◆ **WHAT TO WORK ON**
Track down every line below that holds "under" and copy it.

◆ **EXERCISE INPUT**

(* connectivity in the 2-factor S of T^*, lifted to darts *)
Definition factor_link (D : finType) (nd ed : D -> D) (S : {set D}) : rel D :=
  fun x y => fconnect (face_perm nd ed) x y || ((x \in S) && (y == ed x)).

Definition at_most_cycles (D : finType) (nd ed : D -> D) (S : {set D}) (n : nat) : Prop :=
  exists s : seq D, size s <= n /\
    forall d, has (fun x => connect (factor_link nd ed S) x d) s.

(* Work over F_2 with the edge/vertex incidence matrix incT and the face/edge
   matrix facemx of the triangulation.  Connectivity and Euler's formula give
   rank incT + rank facemx >= |E|, and facemx *m incT = 0, so the cycle space
   is spanned by the faces and the cut space is the orthogonal of the faces.
   The 2-factor S meets every face in two edges, so it is a cut: some
   2-colouring of the vertices makes every edge of S bichromatic.  A cycle
   avoiding S is a sum of faces whose face-indicator is constant along each
   cycle of the 2-factor; with at most two such cycles, the cycles of T - S
   span a space of dimension at most 1.  Hence each component of T - S has at
   most as many edges as vertices, so every vertex can select its own incident
   edge of T - S so that all of them are selected.  Deleting the selected
   edges leaves only bichromatic edges, and subgraphs inherit the selection. *)

From mathcomp Require Import all_boot ssralg matrix mxalgebra zmodp ring zify.
Set Implicit Arguments. Unset Strict Implicit. Unset Printing Implicit Defensive.
Import GRing.Theory.

Local Open Scope ring_scope.

Lemma addrr_F2 (x : 'F_2) : x + x = 0.
Proof. by case: x => [[|[|//]]] ?; apply: val_inj. Qed.

Lemma F2_addr0_eq (x y : 'F_2) : x + y = 0 -> x = y.
Proof. by move=> xy0; rewrite -[x]addr0 -(addrr_F2 y) addrA xy0 add0r. Qed.

Lemma F2_triangle (x y z : 'F_2) : (x + y) + (y + z) + (z + x) = 0.
Proof.
have -> : (x + y) + (y + z) + (z + x) = (x + x) + (y + y) + (z + z) by ring.
by rewrite !addrr_F2; ring.
Qed.

Lemma sum_mulrn_eq_in (V : nmodType) (T : finType) (A : {pred T}) (F : T -> V) t :
  \sum_(s in A) F s *+ (t == s) = if t \in A then F t else 0.
Proof.
under eq_bigr do rewrite mulrb.
rewrite -big_mkcondr /=; case: ifP => At.
  by rewrite (big_pred1 t) // => s /=; rewrite eq_sym; case: eqP => [->|]; rewrite ?andbT ?andbF.
by rewrite big_pred0 // => s; apply/andP => -[As /eqP ts]; move: At; rewrite ts As.
Qed.

Lemma sum_mulrn_eq (V : nmodType) (T : finType) (F : T -> V) t :
  \sum_s F s *+ (t == s) = F t.
Proof. exact: sum_mulrn_eq_in. Qed.

Lemma mxrank_lt_support (F : fieldType) (k n : nat) (X : {set 'I_n}) x0 (M : 'M[F]_(k, n)) :
  x0 \in X -> (forall a j, j \notin X -> M a j = 0) -> (forall a, \sum_j M a j = 0) ->
  (\rank M < #|X|)%N.
Proof.
(* The rows of M lie in the span of the #|X| - 1 vectors e_j - e_x0, j in X :\ x0. *)
move=> Xx0 suppM sumM0; set X' := X :\ x0.
have cardX : #|X| = #|X'|.+1 by rewrite (cardsD1 x0 X) Xx0.
pose ex : 'I_#|X'| -> 'I_n := enum_val.
pose J : 'M[F]_(#|X'|, n) := \matrix_(b, j) ((j == ex b)%:R - (j == x0)%:R).
have sumX' a : \sum_(j in X') M a j = - M a x0.
  have := sumM0 a; rewrite (bigID (mem X)) /= [S in _ + S]big1 => [|j /suppM //].
  rewrite addr0 (bigD1 x0) //= => /eqP; rewrite addrC addr_eq0 => /eqP <-.
  by apply: eq_bigl => j; rewrite !inE andbC.
have -> : M = (\matrix_(a, b) M a (ex b)) *m J.
  apply/matrixP => a j; rewrite !mxE.
  under eq_bigr do rewrite !mxE mulrBr !mulr_natr.
  rewrite sumrB /ex -(big_enum_val (fun j' => M a j' *+ (j == j'))).
  rewrite -(big_enum_val (fun j' => M a j' *+ (j == x0))) /= sumrMnl sumX'.
  rewrite sum_mulrn_eq_in !inE; case: (eqVneq j x0) => [->|jx0] /=.
    by rewrite mulr1n sub0r opprK.
  by rewrite mulr0n subr0; case: ifPn => // /suppM ->.
rewrite cardX ltnS; exact: leq_trans (mxrankM_maxr _ _) (rank_leq_row J).
Qed.

Lemma row_const_sub (F : fieldType) k (y : 'rV[F]_k) :
  (forall j j', y 0 j = y 0 j') -> (y <= (const_mx 1 : 'rV_k))%MS.
Proof.
case: k y => [|k] y yconst; first by rewrite thinmx0 sub0mx.
have -> : y = y 0 ord0 *: const_mx 1 by apply/rowP => j; rewrite !mxE mulr1.
exact: scalemx_sub.
Qed.

Lemma kernel_in_rowspace (F : fieldType) m n p (A : 'M[F]_(m, n)) (B : 'M[F]_(n, p))
    (v : 'rV[F]_n) :
  A *m B = 0 -> (n <= \rank A + \rank B)%N -> v *m B = 0 -> exists x, v = x *m A.
Proof.
move=> AB0 rankAB vB0; apply/submxP.
have AkerB : (A <= kermx B)%MS by apply/sub_kermxP.
have kerBA : (kermx B <= A)%MS.
  rewrite -(mxrank_leqif_sup AkerB).2 mxrank_ker; apply/eqP.
  by move: (mxrankS AkerB) (rank_leq_col B); rewrite mxrank_ker; lia.
by apply: submx_trans kerBA; apply/sub_kermxP.
Qed.

(** * The cycle space of a graph *)

Section IncidenceGraph.
Variables (m n : nat) (u w : 'I_m -> 'I_n).
Hypothesis loopfree : forall i, u i != w i.

Definition incmx : 'M['F_2]_(m, n) := \matrix_(i, j) ((u i == j)%:R + (w i == j)%:R).
Definition incident i j := (u i == j) || (w i == j).
Definition degree (R : {set 'I_m}) j := #|[set i in R | incident i j]|.

Lemma sum_degree (R : {set 'I_m}) : (\sum_j degree R j = 2 * #|R|)%N.
Proof.
have degE j : degree R j = (\sum_(i in R) incident i j)%N.
  rewrite /degree -sum1_card big_mkcond [RHS]big_mkcond; apply: eq_bigr => i _.
  by rewrite !inE; case: (i \in R); case: incident.
under eq_bigr do rewrite degE.
rewrite exchange_big /= -sum1_card big_distrr /=.
apply: eq_bigr => i _; rewrite (bigD1 (u i)) // (bigD1 (w i)) /=; last by rewrite eq_sym loopfree.
rewrite /incident !eqxx orbT big1 // => j /andP[/negPf uj /negPf wj].
by rewrite ![_ == j]eq_sym uj wj.
Qed.

Lemma incmx_row_sum i : \sum_j incmx i j = 0.
Proof.
under eq_bigr do rewrite mxE.
by rewrite big_split /= !(sum_mulrn_eq (fun=> 1)) addrr_F2.
Qed.

Lemma incmx_tr_entry (y : 'rV['F_2]_n) i : (y *m incmx^T) 0 i = y 0 (u i) + y 0 (w i).
Proof.
rewrite mxE; under eq_bigr do rewrite !mxE mulrDr !mulr_natr.
by rewrite big_split /= !sum_mulrn_eq.
Qed.

Definition cycle_in (R : {set 'I_m}) (z : 'rV['F_2]_m) :=
  z *m incmx = 0 /\ forall i, i \notin R -> z 0 i = 0.

Lemma cycle_in_dense (R : {set 'I_m}) : R != set0 -> (#|[set j | 0 < degree R j]| <= #|R|)%N ->
  exists2 z, cycle_in R z & z != 0.
Proof.
move=> /set0Pn[e0 Re0] denseR; set X := [set j | (0 < degree R j)%N].
have endsX e : e \in R -> (u e \in X) && (w e \in X).
  move=> Re; rewrite !inE /degree !card_gt0; apply/andP; split; apply/set0Pn; exists e;
  by rewrite !inE Re /incident eqxx ?orbT.
pose er : 'I_#|R| -> 'I_m := enum_val.
have Rer a : er a \in R by apply: enum_valP.
pose M := rowsub er incmx.
have rankM : (\rank M < #|R|)%N.
  apply: leq_trans denseR; apply: (@mxrank_lt_support _ _ _ _ (u e0)).
  - by case/andP: (endsX _ Re0).
  - move=> a j jX; rewrite !mxE; case/andP: (endsX _ (Rer a)) => uX wX.
    have [uj wj] : (u (er a) == j) = false /\ (w (er a) == j) = false.
      by split; apply: contraNF jX => /eqP <-.
    by rewrite uj wj addr0.
  - by move=> a; under eq_bigr do rewrite mxE; apply: incmx_row_sum.
have : kermx M != 0 by rewrite kermx_eq0 /row_free ltn_eqF.
case/rowV0Pn => q /sub_kermxP qM q0.
have zE i : (q *m rowsub er 1%:M) 0 i = \sum_a q 0 a *+ (er a == i).
  by rewrite mxE; apply: eq_bigr => a _; rewrite !mxE mulr_natr.
exists (q *m rowsub er 1%:M); first split.
- by rewrite -mulmxA -rowsubE.
- move=> i Ri; rewrite zE big1 // => a _.
  by case: eqVneq => [eai|]; rewrite ?mulr0n // -eai Rer in Ri.
- apply: contra_neq q0 => z0; apply/rowP => a; rewrite mxE.
  have := congr1 (fun z : 'rV_m => z 0 (er a)) z0; rewrite /= zE mxE => <-.
  under eq_bigr do rewrite (inj_eq enum_val_inj) eq_sym.
  by rewrite sum_mulrn_eq.
Qed.

Definition acyclic (R : {set 'I_m}) := forall z, cycle_in R z -> z = 0.

Lemma acyclicS (R R' : {set 'I_m}) : R' \subset R -> acyclic R -> acyclic R'.
Proof.
move=> sR'R acR z [zinc zR']; apply: acR; split=> // i.
by move/(contra (subsetP sR'R i)); apply: zR'.
Qed.

Lemma acyclic_leaf (R : {set 'I_m}) a : acyclic R -> R != set0 -> exists2 j, j != a & degree R j = 1%N.
Proof.
move=> acR R0.
case: (pickP (fun j => (j != a) && (degree R j == 1%N))) => [j /andP[ja /eqP]|noleaf].
  by exists j.
suff dense : (#|[set j | 0 < degree R j]| <= #|R|)%N.
  by have [z /acR ->] := cycle_in_dense R0 dense; rewrite eqxx.
set X := [set j | (0 < degree R j)%N].
have sumX : (\sum_j 2 * (j \in X) = 2 * #|X|)%N.
  rewrite -big_distrr /= -sum1_card; congr (2 * _)%N.
  by rewrite [RHS]big_mkcond; apply: eq_bigr => j _; case: (j \in X).
have sumdeg : (\sum_j (degree R j + (j == a)) = 2 * #|R| + 1)%N.
  by rewrite big_split /= sum_degree (bigD1 a) //= eqxx big1 ?addn0 // => j /negPf ->.
suff : (2 * #|X| <= 2 * #|R| + 1)%N by lia.
rewrite -sumX -sumdeg; apply: leq_sum => j _; rewrite inE.
case: (posnP (degree R j)) => [->|dpos] //=.
case: (eqVneq j a) => [_|ja] /=; first by lia.
by have := noleaf j; rewrite /= ja /= => /eqP; lia.
Qed.

Lemma acyclic_selection (R : {set 'I_m}) a : acyclic R -> exists sel : 'I_n -> option 'I_m,
  (forall j i, sel j = Some i -> [/\ i \in R, incident i j & j != a]) /\
  (forall i, i \in R -> exists j, sel j = Some i).
Proof.
elim: {R}_.+1 {-2}R (ltnSn #|R|) => // N IH R cardR acR.
have [->|R0] := eqVneq R set0.
  by exists (fun=> None); split=> // i; rewrite inE.
have [j ja /eqP/cards1P[i0 Rj]] := acyclic_leaf a acR R0.
have /setIdP[Ri0 i0j] : i0 \in [set i in R | incident i j] by rewrite Rj set11.
have only_i0 i : i \in R -> incident i j -> i = i0.
  by move=> Ri ij; apply/set1P; rewrite -Rj inE Ri.
set R' := R :\ i0.
have cardR' : (#|R'| < N)%N by move: cardR; rewrite (cardsD1 i0 R) Ri0.
have [sel [selR' coverR']] := IH R' cardR' (acyclicS (subD1set R i0) acR).
exists (fun j' => if j' == j then Some i0 else sel j'); split.
  move=> j' i; case: eqP => [-> [<-] //|_ /selR'[]].
  by rewrite inE => /andP[].
move=> i Ri; case: (eqVneq i i0) => [->|ii0]; first by exists j; rewrite eqxx.
have [j' selj'] : exists j', sel j' = Some i by apply: coverR'; rewrite !inE ii0.
exists j'; case: eqP => [j'j|//]; have [_ ij' _] := selR' _ _ selj'.
by move: ii0; rewrite (only_i0 i Ri) ?eqxx // -j'j.
Qed.

Lemma selection_of_rank1_cycles (U : {set 'I_m}) (c : 'rV['F_2]_m) :
  (forall z, cycle_in U z -> exists g, z = g *: c) ->
  exists sel : 'I_n -> option 'I_m,
    (forall j i, sel j = Some i -> incident i j) /\ (forall i, i \in U -> exists j, sel j = Some i).
Proof.
move=> rank1; have [c0|/rV0Pn[i0 ci0]] := eqVneq c 0.
  have [->|/set0Pn[i1 Ui1]] := eqVneq U set0.
    by exists (fun=> None); split=> // i; rewrite inE.
  have acU : acyclic U by move=> z /rank1[g ->]; rewrite c0 scaler0.
  have [sel [selU coverU]] := acyclic_selection (u i1) acU.
  by exists sel; split=> // j i /selU[].
set R0 := U :\ i0.
have acR0 : acyclic R0.
  move=> z [zinc zR0]; have [g zE] : exists g, z = g *: c.
    by apply: rank1; split=> // i Ui; apply: zR0; rewrite !inE (negPf Ui) andbF.
  have : z 0 i0 = 0 by apply: zR0; rewrite !inE eqxx.
  by rewrite zE mxE => /eqP; rewrite mulf_eq0 (negPf ci0) orbF => /eqP ->; rewrite scale0r.
have [sel [selR0 coverR0]] := acyclic_selection (u i0) acR0.
exists (fun j => if j == u i0 then Some i0 else sel j); split.
  by move=> j i; case: eqP => [-> [<-]|_ /selR0[] //]; rewrite /incident eqxx.
move=> i Ui; case: (eqVneq i i0) => [->|ii0]; first by exists (u i0); rewrite eqxx.
have [j selj] : exists j, sel j = Some i by apply: coverR0; rewrite !inE ii0.
exists j; case: eqP => [ju|//]; have [_ _] := selR0 _ _ selj.
by rewrite ju eqxx.
Qed.
End IncidenceGraph.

◆ **OUTPUT FOR THIS TASK**
under eq_bigr do rewrite mulrb.
  under eq_bigr do rewrite !mxE mulrBr !mulr_natr.
under eq_bigr do rewrite degE.
under eq_bigr do rewrite mxE.
rewrite mxE; under eq_bigr do rewrite !mxE mulrDr !mulr_natr.
  - by move=> a; under eq_bigr do rewrite mxE; apply: incmx_row_sum.
  under eq_bigr do rewrite (inj_eq enum_val_inj) eq_sym.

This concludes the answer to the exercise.